Good lord, here I am-again. Shameless-
ly flirting with someone else's wife.
She, rooted in place like a deer in bright
light, darts her frantic eyes to my double-
jointed fingers-searching for a diamond.
The moment, the one in which she hands me a glass
of gin, lingers. My soused whispers of gratitude send her
crashing backward into a tray of hors d'oeuvres.
Forgive me, I have neglected to mention we
have just weathered another funeral. Outside, palms trees
stand like barfly soldiers-alert but pissy
drunk from the heat. Along the ravine, wax gleams
from mammoth black armies of land-yachts. Their bumpers hem
in the yard-a grinning abutment of metal. Stay here, please,
I plead, and it is only because it's my cousin who's died
that she step towards the crumbling edge of my voice with a sigh.
The stern mouth from which her pale breath escapes
is the abattoir of my heart. The sheer dearth
of this emotionless vessel astounds me. Her lips part
To taste the delicacy of this sinewy sweetbread.
And though I am the Jonah to be swallowed hole, she is one afraid.
Afraid as she casts sparks from the shadows. A net of light rakes
across the planes of her face as its arc is flung wide,
seizing meanings of which her mind remains unapprised.
I can see that she finds me attractive,
but she is not, nor will she ever be,
attracted to me. She is less interested in me
than my practiced show of indifference.
What intrigues her is this ill-timed dalliance.
This is the life those left to bury the dead must live:
pain snapping at raw heels, threatening to overtake
you in broad daylight, and you are left to wait, waiting.
Why tell her that I have flown from Norway to be here?

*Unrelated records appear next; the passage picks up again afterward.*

(* Let $n$ be even and $F\colon\mathbb F_2^n\to\mathbb F_2^n$ a quadratic function that is CCZ-equivalent to a permutation. Then $|N_F|\ge 3\cdot(2^{n/2}-1)$ and $N_F$ is a $3$-fold blocking set of $\mathrm{PG}(n-1,2)$ with respect to $(n/2)$-spaces, i.e. every subspace $U\le\mathbb F_2^n$ with $\dim U=\frac n2+1$ satisfies $|U\cap N_F|\ge3$.
   Context: $\langle\cdot,\cdot\rangle$ is the standard dot product; $F_b(x)=\langle b,F(x)\rangle$. $F$ is quadratic if each $F_b$ is a quadratic form plus an affine function. $F_b$ is bent if $|\sum_x(-1)^{F_b(x)+\langle x,a\rangle}|=2^{n/2}$ for all $a$. $N_F=\{b\in\mathbb F_2^n\setminus\{0\}\colon F_b\text{ not bent}\}$. Two functions $F,G\colon\mathbb F_2^n\to\mathbb F_2^n$ are CCZ-equivalent if some affine permutation of $\mathbb F_2^{2n}$ maps the graph $\{(x,F(x))\}$ onto the graph $\{(x,G(x))\}$. $\mathrm{PG}(n-1,2)$ is identified with $\mathbb F_2^n\setminus\{0\}$; an $(n/2)$-space is $U\setminus\{0\}$ for a subspace $U$ of dimension $n/2+1$. *)

From HB Require Import structures.
From mathcomp Require Import all_boot all_order all_algebra.
Set Implicit Arguments.
Unset Strict Implicit.
Unset Printing Implicit Defensive.
Import GRing.Theory Num.Theory.
Local Open Scope ring_scope.

Notation vec n := 'rV['F_2]_n.

Definition dot n (x y : vec n) : 'F_2 := \sum_(i < n) x 0 i * y 0 i.

Definition comp_fun n (F : vec n -> vec n) (b : vec n) : vec n -> 'F_2 :=
  fun x => dot b (F x).

Definition quadratic_fun n (f : vec n -> 'F_2) : Prop :=
  exists (A : 'M['F_2]_n) (c : vec n) (d : 'F_2),
    forall x, f x = \sum_(i < n) \sum_(j < n) A i j * x 0 i * x 0 j + dot c x + d.

Definition quadratic n (F : vec n -> vec n) : Prop :=
  forall b, quadratic_fun (comp_fun F b).

Definition walsh n (f : vec n -> 'F_2) (a : vec n) : int :=
  \sum_(x : vec n) (-1) ^+ (nat_of_ord (f x + dot x a)).

Definition bent n (f : vec n -> 'F_2) : bool :=
  [forall a : vec n, `|walsh f a| == (2 ^ n./2)%:Z].

Definition NF n (F : vec n -> vec n) : {set vec n} :=
  [set b : vec n | (b != 0) && ~~ bent (comp_fun F b)].

Definition graph n (F : vec n -> vec n) : {set 'rV['F_2]_(n + n)} :=
  [set row_mx x (F x) | x : vec n].

Definition CCZ_equiv n (F G : vec n -> vec n) : Prop :=
  exists (M : 'M['F_2]_(n + n)) (v : 'rV['F_2]_(n + n)),
    M \in unitmx /\ [set z *m M + v | z in graph F] = graph G.

From HB Require Import structures.
From mathcomp Require Import all_boot all_order all_algebra all_field.
From mathcomp Require Import zify ring.
Import GRing.Theory Num.Theory.
Set Implicit Arguments.
Unset Strict Implicit.
Unset Printing Implicit Defensive.
Local Open Scope ring_scope.

(** A CCZ-equivalence to a permutation [G] maps the subspaces [F_2^n x 0] and
    [0 x F_2^n] of [F_2^2n], on which the Walsh transform of the graph of [G]
    vanishes off the origin, onto subspaces of Walsh zeros of the graph of [F];
    their projections [P1], [P2] onto the second coordinate span [F_2^n], and
    no nonzero [b] in [P1] or [P2] gives a bent component [F_b].
    For quadratic [F] every component is either bent, with Walsh values
    [+-2^(n/2)], or has all Walsh values divisible by [2^(n/2+1)]; as
    [sum_(b in U) W_(F_b)(0)] is a multiple of [|U|], an [(n/2+1)]-space [U]
    contains an even number of bent components, i.e. an odd number of points
    of [N_F].  One such point would force [U :&: P1 + U :&: P2] into a line,
    against dimension; and with [Z <= P1] of dimension [n/2], [N_F] contains
    the nonzero vectors of [P1] and at least two points of every coset
    [w + Z], [w] a nonzero vector of a complement of [P1] in [P2]. *)

Lemma addn_half_even n : ~~ odd n -> (n./2 + n./2)%N = n.
Proof. by move=> ev; rewrite addnn -{2}(odd_double_half n) (negbTE ev). Qed.

Lemma sqrn_eq_pow2 m k : (m ^ 2 = 2 ^ k)%N -> exists2 j, m = (2 ^ j)%N & k = (j + j)%N.
Proof.
move=> mk; have : (m %| 2 ^ k)%N by rewrite -mk dvdn_exp.
case/dvdn_pfactor => // j _ mE; exists j => //.
by apply/eqP; rewrite -(eqn_exp2l _ _ (isT : (1 < 2)%N)) -mk mE -expnM muln2 addnn.
Qed.

Lemma three_pow2_leq h d : (h <= d <= h + h)%N ->
  (3 * (2 ^ h - 1) <= (2 ^ d - 1) + 2 * (2 ^ (h + h - d) - 1))%N.
Proof.
case/andP=> hd dhh; have pow_gt0 k : (0 < 2 ^ k)%N by rewrite expn_gt0.
have := pow_gt0 h; have := pow_gt0 (h + h - d)%N.
have [d_eq | [d_eq | d_ge]] : (d = h \/ d = h.+1 \/ h.+2 <= d)%N by lia.
- by rewrite d_eq addnK; lia.
- have h_gt0 : (0 < h)%N by lia.
  have := expnS 2 h; have := expnS 2 h.-1; rewrite prednK //.
  by rewrite d_eq (_ : h + h - h.+1 = h.-1)%N; lia.
- by have := leq_pexp2l (isT : (0 < 2)%N) d_ge; rewrite !expnS; lia.
Qed.
(* Let $r\geq 3$. If a graph $G$ of order $n$ contains a complete subgraph $K_{r+1}$ and has minimum degree $$\delta(G)>\left(\frac{r-1}{r}-\frac{1}{r^{2}(r^{2}-1)}\right)n,$$ then $$js^{(2,r+1,2)}(G)>\frac{n^{r-1}}{r^{r+3}}.$$
   Context: All graphs are finite and simple; $\delta(G)$ is the minimum degree. For an integer $r\geq 2$, $js^{(2,r+1,2)}(G)$ is the maximum, over all edges $uv$ of $G$, of the number of $(r+1)$-cliques of $G$ containing both $u$ and $v$ (and $0$ if $G$ has no edges). *)

From mathcomp Require Import all_boot all_order all_algebra.
Set Implicit Arguments. Unset Strict Implicit. Unset Printing Implicit Defensive.

Definition simple_graph (T : finType) (e : rel T) : Prop :=
  symmetric e /\ irreflexive e.

Section Graph.
Variables (T : finType) (e : rel T).

Definition deg (v : T) : nat := #|[set w | e v w]|.

(* minimum degree delta(G) (for nonempty T; default #|T| for empty T) *)
Definition min_degree : nat := \big[minn/#|T|]_(v : T) deg v.

Definition is_clique (S : {set T}) : bool :=
  [forall x in S, forall y in S, (x != y) ==> e x y].

Definition has_clique (k : nat) : Prop :=
  exists S : {set T}, is_clique S /\ #|S| = k.

Definition cliques_through (k : nat) (u v : T) : nat :=
  #|[set S : {set T} | [&& is_clique S, #|S| == k, u \in S & v \in S]]|.

(* js^{(2,k,2)}(G) : max over edges uv of the number of k-cliques containing
   u and v; 0 if there is no edge. *)
Definition js2 (k : nat) : nat :=
  \max_(p : T * T | e p.1 p.2) cliques_through k p.1 p.2.

End Graph.

From mathcomp Require Import all_boot all_order all_algebra.
From mathcomp Require Import ring lra zify.
Set Implicit Arguments. Unset Strict Implicit. Unset Printing Implicit Defensive.
Import Order.TTheory GRing.Theory Num.Theory.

No, better to let her ponder my sincerity;
Unlike the sweat-drenched bereaved who surround me,
I have slipped out of my straight black garb, the hose,
then both polyester slip and girdle, into a queer show
of holey jeans and bare feet. My swollen toes bear
down upon the linoleum like hot buttons, as her crossed arms
broadcast her contempt for my lack of decorum.

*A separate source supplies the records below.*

Theorem mainTheorem4 (R : realType) (d : measure_display) (T : measurableType d)
  (P : probability T R) (n : nat) (rho gam phi0 : 'I_n.+1 -> R)
  (eta : nat -> T -> R) (etal : R) :
  (forall j, 0 <= rho j) -> (forall j, 0 <= gam j) -> (forall j, 0 < rho j + gam j) ->
  (forall j, 0 < phi0 j) ->
  (forall i, P.-integrable setT (EFin \o eta i)) ->
  (forall i, {ae P, forall x, eta i x <= eta i.+1 x}) ->
  0 < etal -> {ae P, forall x, etal <= eta 0%N x} ->
  let phi j := phiseq (phi0 j) (gam j) (rho j) eta in
  (* (a) *)
  (forall F : nat -> set (set T), is_filtration F ->
     (forall i, G_measurable (F i) (eta i)) ->
     forall j N, (1 <= N)%N ->
       G_measurable (F N) (phi j N) /\ {ae P, forall x, 0 < phi j N x}) /\
  (* (b) *)
  (forall j N, (1 <= N)%N ->
     ('E_P[phi j N] = (phi0 j + 2 * rho j * N%:R)%:E
                      + (2 * gam j)%:E * \sum_(i < N) 'E_P[eta i])%E) /\
  (* (c) *)
  (exists c : 'I_n.+1 -> R, (forall j, 0 < c j) /\
     forall j N, (1 <= N)%N ->
       ('E_P[fun x => ((phi j N x)^-1)%R] <= (c j / N%:R)%:E)%E) /\
  (* (d) *)
  (forall p b : R, 0 < p -> 0 < b ->
     (forall i, {ae P, forall x,
        b * \big[Order.min/(phi ord0 i x) `^ p]_(k < n.+1) (phi k i x) `^ p
          <= eta i x}) ->
     exists ct : 'I_n.+1 -> R, (forall j, 0 < ct j) /\
       forall j N, (4 <= N)%N ->
         gam j * ct j * N%:R `^ (p + 1) <= (fine 'E_P[fun x => ((phi j N x)^-1)%R])^-1).
Proof.
move=> rho_ge0 gam_ge0 rho_gam_gt0 phi0_gt0 eta_int eta_incr etal_gt0 eta0_ge phi.
have eta_meas i : measurable_fun setT (eta i).
  exact/measurable_EFinP/(measurable_int P (eta_int i)).
have eta_ge_etal : {ae P, forall x i, etal <= eta i x}.
  exact: ae_ge_nondecreasing eta_incr eta0_ge.
have drift_pos j : 0 < gam j * etal + rho j by apply: drift_gt0.
split; [|split; [|split]].
- move=> F F_filt eta_adapted j N _; split; first exact: G_measurable_phiseq.
  exact: phiseq_gt0_ae (phi0_gt0 j) (gam_ge0 j) (drift_pos j) eta_ge_etal N.
- by move=> j N _; exact: expectation_phiseq.
- exists (fun j => (2 * (gam j * etal + rho j))^-1); split=> [j|j N].
    by rewrite invr_gt0 mulr_gt0.
  exact: (expectation_inv_phiseq_le (phi0_gt0 j) (gam_ge0 j) (drift_pos j)
    eta_meas eta_ge_etal).
move=> p b p_gt0 b_gt0 eta_ge_min.
set a := common_rate phi0 gam rho etal.
have a_gt0 : 0 < a by exact: common_rate_gt0.
have eta_ge : {ae P, forall x i, b * (a * i.+1%:R) `^ p <= eta i x}.
  apply: filterS2 eta_ge_etal (ae_foralln eta_ge_min) => x etal_le min_le i.
  apply: le_trans (min_le i); rewrite ler_wpM2l ?(ltW b_gt0) //.
  apply: powR_le_bigmin (ltW p_gt0) _ _ => [|k]; first by rewrite mulr_ge0 // ltW.
  exact: (phiseq_ge_common_rate _ _ _ (gam_ge0 k) etal_le).
exists (fun=> b * a `^ p * 2^-1 `^ p); split=> [j|j N N_ge4].
  by rewrite !mulr_gt0 ?powR_gt0 ?invr_gt0.
have N_gt0 : (0 < N)%N by apply: leq_trans N_ge4.
exact: (inv_expectation_inv_phiseq_ge (phi0_gt0 j) (gam_ge0 j) (rho_ge0 j) (drift_pos j)
  eta_meas eta_ge_etal a_gt0 b_gt0 (ltW p_gt0) N_gt0 eta_ge).
Qed.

Even laboring beneath this grief, I cannot stop myself
from choosing the words I will later use to relate
this moment in ink. I hastily commit the details-the date,
the airless hearse ride, this geechee woman, her pittypat drawl
-to faulty cisterns of memory upon which to draw
when only the rigor of writing can save me from myself.
By the time this shade has moved on to yet another
with her offers of liquid comfort, I will undoubtedly love her.

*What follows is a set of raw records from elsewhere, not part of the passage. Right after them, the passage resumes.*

(* Let $\mu>0$, $k>0$, $y(x)=-k(1-x)$, and let $x_l$, $m(x)$ and $N(x,\xi)$ be as in the context. Then $\partial_\xi N(x,\xi)>0$ for every $x\in(x_l,1)$ and every $\xi\in(0,1)$.
   Context: Let $g(u)=u^2(1-u)$ and $G(u)=u^3/3-u^4/4$ for $u\in[0,1]$. Let $x_l\in(0,1)$ be the abscissa of the unique intersection in $(0,1)$ of the line $v=y(u)$ with the curve $v^2=2\mu G(u)$, $v<0$. For $x\in(x_l,1)$, $m(x)\in(0,x)$ is the unique number with $2\mu G(m(x))=2\mu G(x)-y(x)^2$; $m$ is $\mathcal{C}^1$. Define, for $x\in(x_l,1)$ and $\xi\in[0,1]$, writing $z=x-(x-m(x))\xi$, $$N(x,\xi)=(1-m'(x))\bigl(y(x)^2+2\mu(G(z)-G(x))\bigr)-(x-m(x))\Bigl(y(x)y'(x)+\mu\bigl(g(z)\,(1-(1-m'(x))\xi)-g(x)\bigr)\Bigr).$$ *)

From Stdlib Require Import Reals.
From Coquelicot Require Import Coquelicot.
Open Scope R_scope.

Definition g (u : R) : R := u ^ 2 * (1 - u).
Definition G (u : R) : R := u ^ 3 / 3 - u ^ 4 / 4.

Definition y (k : R) (x : R) : R := - k * (1 - x).

Definition Nfun (mu k : R) (m : R -> R) (x xi : R) : R :=
  let z := x - (x - m x) * xi in
  let m' := Derive m x in
  (1 - m') * (y k x ^ 2 + 2 * mu * (G z - G x))
  - (x - m x) * (y k x * Derive (y k) x
                 + mu * (g z * (1 - (1 - m') * xi) - g x)).

From Stdlib Require Import Reals Lra Psatz.
From Coquelicot Require Import Coquelicot.
Open Scope R_scope.

(* Differentiating in [xi] gives [d_xi N = mu (x - m) E], with [E] affine in
   [m' = m'(x)].  Differentiating the identity [2 mu G(m) = 2 mu G(x) - y(x)^2]
   and using it once more eliminates [mu] and [k]:
   [(1 - x) m' g(m) = (1 - x) g(x) + 2 (G(x) - G(m))].  After this substitution,
   [6 (1 - x) g(m) E] is [(x - m)] times a polynomial with nonnegative
   coefficients in the positive quantities [1 - x], [x - m], [m], [xi], [1 - xi]. *)

Definition dNdxi_factor (x mx m' xi : R) : R :=
  let d := x - mx in
  let z := x - d * xi in
  (m' - 1) * g z + d * (2 * z - 3 * z ^ 2) * (1 - (1 - m') * xi).

Lemma Derive_Nfun_xi (mu k : R) (m : R -> R) (x xi : R) :
  Derive (fun t => Nfun mu k m x t) xi
  = mu * (x - m x) * dNdxi_factor x (m x) (Derive m x) xi.
Proof.
  apply is_derive_unique.
  unfold Nfun, dNdxi_factor, g, G.
  auto_derive; [exact I | field].
Qed.

Lemma slope_relation (mu k : R) (m : R -> R) (x : R) :
  0 < mu -> ex_derive m x ->
  locally x (fun t => 2 * mu * G (m t) = 2 * mu * G t - y k t ^ 2) ->
  (1 - x) * Derive m x * g (m x) = (1 - x) * g x + 2 * (G x - G (m x)).
Proof.
  intros Hmu Hex Hlevel.
  assert (Hlhs : is_derive (fun t => 2 * mu * G t - y k t ^ 2) x
                   (Derive m x * (2 * mu * g (m x)))).
  { apply (is_derive_ext_loc (fun t => 2 * mu * G (m t))); [exact Hlevel |].
    apply (is_derive_comp (fun u => 2 * mu * G u) m); [| now apply Derive_correct].
    unfold G, g. auto_derive; [exact I | field]. }
  assert (Hrhs : is_derive (fun t => 2 * mu * G t - y k t ^ 2) x
                   (2 * mu * g x + 2 * k ^ 2 * (1 - x))).
  { unfold G, g, y. auto_derive; [exact I | field]. }
  pose proof (is_derive_unique _ _ _ Hlhs) as Hderiv.
  rewrite (is_derive_unique _ _ _ Hrhs) in Hderiv.
  pose proof (locally_singleton _ _ Hlevel) as Hx. simpl in Hx.
  assert (Hlevel_x : 2 * mu * (G x - G (m x)) = k ^ 2 * (1 - x) ^ 2).
  { unfold y in Hx. replace (k ^ 2 * (1 - x) ^ 2) with ((- k * (1 - x)) ^ 2) by ring.
    lra. }
  apply (Rmult_eq_reg_l (2 * mu)); [| lra].
  transitivity ((1 - x) * (Derive m x * (2 * mu * g (m x)))); [ring |].
  rewrite <- Hderiv.
  transitivity (2 * mu * (1 - x) * g x + 2 * (2 * mu * (G x - G (m x)))); [| ring].
  rewrite Hlevel_x. ring.
Qed.

(* [6 (1 - x) g(m) E / (x - m)] with [m'] eliminated, homogenized with
   [s + d + m = 1] and [X + Y = 1] so that every coefficient is nonnegative. *)
Definition certificate (s d m X Y : R) : R :=
  12*d^3*m^3*X^2*Y + 12*d^3*m^3*X^3 + 20*d^4*m^2*X^2*Y + 8*d^4*m^2*X^3
  + 10*d^5*m*X^2*Y + 2*d^5*m*X^3 + 2*d^6*X^2*Y + 4*s*d^2*m^3*Y^3
  + 36*s*d^2*m^3*X*Y^2 + 72*s*d^2*m^3*X^2*Y + 40*s*d^2*m^3*X^3
  + 9*s*d^3*m^2*Y^3 + 51*s*d^3*m^2*X*Y^2 + 87*s*d^3*m^2*X^2*Y
  + 33*s*d^3*m^2*X^3 + 6*s*d^4*m*Y^3 + 18*s*d^4*m*X*Y^2 + 46*s*d^4*m*X^2*Y
  + 10*s*d^4*m*X^3 + 1*s*d^5*Y^3 + 3*s*d^5*X*Y^2 + 10*s*d^5*X^2*Y
  + 24*s^2*d*m^3*Y^3 + 96*s^2*d*m^3*X*Y^2 + 120*s^2*d*m^3*X^2*Y
  + 48*s^2*d*m^3*X^3 + 40*s^2*d^2*m^2*Y^3 + 132*s^2*d^2*m^2*X*Y^2
  + 144*s^2*d^2*m^2*X^2*Y + 52*s^2*d^2*m^2*X^3 + 20*s^2*d^3*m*Y^3
  + 60*s^2*d^3*m*X*Y^2 + 84*s^2*d^3*m*X^2*Y + 20*s^2*d^3*m*X^3
  + 4*s^2*d^4*Y^3 + 12*s^2*d^4*X*Y^2 + 20*s^2*d^4*X^2*Y + 24*s^3*m^3*Y^3
  + 72*s^3*m^3*X*Y^2 + 72*s^3*m^3*X^2*Y + 24*s^3*m^3*X^3 + 42*s^3*d*m^2*Y^3
  + 114*s^3*d*m^2*X*Y^2 + 102*s^3*d*m^2*X^2*Y + 30*s^3*d*m^2*X^3
  + 24*s^3*d^2*m*Y^3 + 72*s^3*d^2*m*X*Y^2 + 60*s^3*d^2*m*X^2*Y
  + 12*s^3*d^2*m*X^3 + 6*s^3*d^3*Y^3 + 18*s^3*d^3*X*Y^2 + 12*s^3*d^3*X^2*Y.

Lemma certificate_pos (s d m X Y : R) :
  0 < s -> 0 < d -> 0 < m -> 0 < X -> 0 < Y -> 0 < certificate s d m X Y.
Proof.
  intros. unfold certificate.
  repeat apply Rplus_lt_0_compat;
    repeat apply Rmult_lt_0_compat; try apply pow_lt; lra.
Qed.

Lemma dNdxi_factor_pos (x mx m' xi : R) :
  0 < mx < x -> x < 1 -> 0 < xi < 1 ->
  (1 - x) * m' * g mx = (1 - x) * g x + 2 * (G x - G mx) ->
  0 < dNdxi_factor x mx m' xi.
Proof.
  intros Hmx Hx Hxi Hslope.
  assert (Hgmx : 0 < g mx) by (unfold g; apply Rmult_lt_0_compat; nra).
  assert (Hscale : 0 < 6 * (1 - x) * g mx) by (apply Rmult_lt_0_compat; lra).
  assert (Hm' : m' = ((1 - x) * g x + 2 * (G x - G mx)) / ((1 - x) * g mx)).
  { rewrite <- Hslope. field. split; lra. }
  assert (Hcleared : 6 * (1 - x) * g mx * dNdxi_factor x mx m' xi
                     = (x - mx) * certificate (1 - x) (x - mx) mx xi (1 - xi)).
  { subst m'. unfold dNdxi_factor, certificate, g, G.
    field. unfold g in Hgmx. split; nra. }
  apply (Rmult_lt_reg_l _ _ _ Hscale).
  rewrite Rmult_0_r, Hcleared.
  apply Rmult_lt_0_compat; [lra |].
  apply certificate_pos; lra.
Qed.

Theorem lemmaA2 (mu k xl : R) (m : R -> R) :
  0 < mu -> 0 < k ->
  (* xl : abscissa of the intersection in (0,1) of v = y(u) with v^2 = 2 mu G(u), v < 0 *)
  0 < xl < 1 -> y k xl < 0 -> (y k xl) ^ 2 = 2 * mu * G xl ->
  (* m(x) : the number in (0,x) with 2 mu G(m(x)) = 2 mu G(x) - y(x)^2 *)
  (forall x, xl < x < 1 ->
     0 < m x < x /\ 2 * mu * G (m x) = 2 * mu * G x - (y k x) ^ 2) ->
  (* m is C^1 on (xl,1) *)
  (forall x, xl < x < 1 -> ex_derive m x /\ continuous (Derive m) x) ->
  forall x xi, xl < x < 1 -> 0 < xi < 1 ->
    Derive (fun t => Nfun mu k m x t) xi > 0.
Proof.
  intros Hmu _ _ _ _ Hm Hdm x xi Hx Hxi.
  destruct (Hm x Hx) as [Hmx _].
  assert (Hlevel : locally x (fun t => 2 * mu * G (m t) = 2 * mu * G t - y k t ^ 2)).
  { apply (locally_interval _ x xl 1); simpl; try lra.
    intros t Ht1 Ht2. apply Hm. lra. }
  pose proof (slope_relation mu k m x Hmu (proj1 (Hdm x Hx)) Hlevel) as Hslope.
  rewrite Derive_Nfun_xi.
  apply Rlt_gt, Rmult_lt_0_compat; [apply Rmult_lt_0_compat; lra |].
  apply dNdxi_factor_pos; [exact Hmx | lra | exact Hxi | exact Hslope].
Qed.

How is this woman to know that half of me
staves off this baying hound with easy flirtations
and the inadequacies of the written word? The temptation
is never to turn around and face the gaunt beast who stalks
behind you, breathing in your ear. Without warning, I walk
away, leaving her cuddling an emotion she can't bear to name.
Confusion mangles her mien as she sees the other half of herself.
Yes, she is vexed with me, but imagine how I am with myself.